Silk-Shirt Prophet Bernard-Henri Lévy Rails at Zombie French Left

 

The most discussed political book in France this autumn is Ce grand cadavre à la renverse, literally, “this big corpse lying on its back”), by Bernard-Henri Lévy (Grasset, Paris, 2007). It is supposed to be a book about the French left. But oddly enough, it is not really about the left, and it is not even really a political book.

Bernard-Henri Lévy is by far the most notorious of the small coterie of propagandists who, some thirty years ago, under the label of “New Philosophers”, began a highly publicized campaign to reverse the anti-imperialist sentiment that had become dominant worldwide in reaction to the U.S. war in Vietnam.

The war was over, and the French left was weakened by sectarian fragmentation and the collapse of unrealistic “revolutionary” expectations.
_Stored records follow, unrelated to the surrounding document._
Lemma integral_extend f F v : order_continuous le f -> bounded_variation leL F ->
  (exists x : Ls, True) ->
  is_rs_integral leL (fun x : Ls => f (` x)) F v -> is_rs_integral le f (extend F) v.
Proof.
  intros hf [M hM] hne hI eps heps.
  destruct (induced_has_least hne) as [mL hm].
  assert (M0 : 0 <= M) by exact (hM mL [] I).
  pose proof (Rabs_pos (F mL)).
  set (eps' := eps / (2 * (Rabs (F mL) + M + 1))).
  assert (heps' : 0 < eps') by (apply Rdiv_lt_0_compat; lra).
  assert (hsmall : eps' * (Rabs (F mL) + M) < eps / 2).
  { assert (eps' * (Rabs (F mL) + M + 1) = eps / 2) by (unfold eps'; field; lra).
    assert (eps' * (Rabs (F mL) + M) < eps' * (Rabs (F mL) + M + 1))
      by (apply Rmult_lt_compat_l; lra).
    lra. }
  destruct (osc_small_exists Htot Hcomp hf heps') as [S hS].
  destruct (hI (eps / 2)) as [s0 [l0 [hP0 hR0]]]; [lra|].
  set (P := S ++ ` mL :: map (fun x : Ls => ` x) (partition_points s0 l0)).
  destruct (tagged_partition_through Htot Hcomp P (` mL)) as [t0 [l [hP hthrough]]].
  exists t0, (diag l). split; [exact hP|]. intros t1 l1 hP1 href.
  assert (hpts : forall y, In y P -> In y (partition_points t1 l1)) by auto.
  assert (hmin : In (` mL) (partition_points t1 l1)).
  { apply hpts, in_or_app. right. now left. }
  set (Dl := proj_chain mL (map fst l1)).
  destruct (projected_partition hm hP1 hmin) as [hPL hPLpts].
  assert (hclose : Rabs (rs_sum (fun x : Ls => f (` x)) F mL (diag Dl) - v) < eps / 2).
  { apply hR0; [exact hPL|]. intros x hx. apply hPLpts, hpts, in_or_app. right. right.
    now apply in_map. }
  assert (hvar : variation_from F mL Dl <= M).
  { apply hM. destruct hPL as (_ & htags & _). rewrite <- (map_fst_diag Dl).
    exact (tags_ok_incr htags). }
  assert (hdiff := rs_sum_extend_close F (Rlt_le _ _ heps') hS hm hP1 hmin
                     (fun s hs => hpts s (in_or_app _ _ _ (or_introl hs)))).
  fold Dl in hdiff.
  assert (eps' * (Rabs (F mL) + variation_from F mL Dl) <= eps' * (Rabs (F mL) + M))
    by (apply Rmult_le_compat_l; lra).
  replace (rs_sum f (extend F) t1 l1 - v) with
    ((rs_sum f (extend F) t1 l1 - rs_sum (fun x : Ls => f (` x)) F mL (diag Dl)) +
     (rs_sum (fun x : Ls => f (` x)) F mL (diag Dl) - v)) by ring.
  eapply Rle_lt_trans; [apply Rabs_triang|lra].
Qed.

Lemma weak_star_null_extend I (F : I -> Ls -> R) : (forall i, NBV leL (F i)) ->
  weak_star_null leL F -> (exists x : Ls, True) -> weak_star_null le (fun i => extend (F i)).
Proof.
  intros hN hW hne f hf. destruct (hW _ (order_continuous_trace Htot Hcomp HL hf)) as [a [ha hc]].
  exists a. split; auto. intros i. apply integral_extend; auto. apply (hN i).
Qed.

(** * Exceptional points *)

Section ExceptionalPoints.
Variables (H D : T -> Prop).
Hypotheses (hHclosed : order_closed le H) (hDcount : countable_set D)
  (hHD : forall x, H x -> order_closure le D x).

Definition gap_witness (t d : T) : Prop :=
  D d /\ lt le t d /\ forall l : Ls, lt le t (` l) -> ~ le (` l) d.

Lemma gap_witness_exists t : H t -> ~ right_isolated_in le H t -> right_isolated_in le L t ->
  exists d, gap_witness t d.
Proof.
  intros ht hri [_ [hmax|[s (hs & hts & hgap)]]].
  - assert (habove : exists h, H h /\ lt le t h).
    { apply NNPP. intros hn. apply hri. split; auto. left. intros y hy.
      destruct (le_or_lt Htot y t) as [|hty]; auto. exfalso. eauto. }
    destruct habove as [h [hh hth]].
    destruct (hHD hh (open_gt Htot (a := t)) hth) as [d [hd htd]].
    exists d. split; auto. split; auto. intros l htl _. exact (lt_nle Htot htl (hmax _ (proj2_sig l))).
  - destruct (not_right_isolated_between Htot Hcomp hHclosed ht hri hts) as [h (hh & hth & hhs)].
    destruct (hHD hh (open_and Htot (open_gt Htot (a := t)) (open_lt Htot (b := s))) (conj hth hhs))
      as [d [hd [htd hds]]].
    exists d. split; auto. split; auto. intros l htl hld. apply hgap. exists (` l).
    split; [exact (proj2_sig l)|]. split; auto. exact (le_lt_trans Htot hld hds).
Qed.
The Khmer Rouge, who took power in Cambodia in the wake of US bombing and a US-backed coup d’état, engaged in the sort of bloodbath that had been wrongly forecast to happen in Vietnam if the United States left. By a highly publicized and emotion-laden “discovery” of the Soviet gulag over twenty years after the death of Stalin, and by focusing on the murderous aberrations of the Khmer Rouge, the New Philosophers undertook to stigmatize all left aspirations toward radical social change as inevitably totalitarian. Against the ever-present “totalitarian threat”, the United States was restored as the necessary savior of democracy and defender of human rights.

It is hard to measure the real impact of this campaign. It fit into a general post-Nixon effort to rehab U.S. imperialism under the banner of human rights. They were certainly never taken seriously by academic philosophers, but won instant fame thanks to the eagerness of pro-U.S. media (starting with the supposedly left-leaning Nouvel Observateur) to saturate the public with their “new” and “philosophical” version of Cold War propaganda.

Nevertheless, thirty years later, for whatever reason, their mission suddenly appears to be accomplished. Although no philosopher, Nicolas Sarkozy embodies the “new” Europe as dreamed by Rumsfeld at the start of the conquest of Iraq–a Europe ready to follow the United States blindly into its wars.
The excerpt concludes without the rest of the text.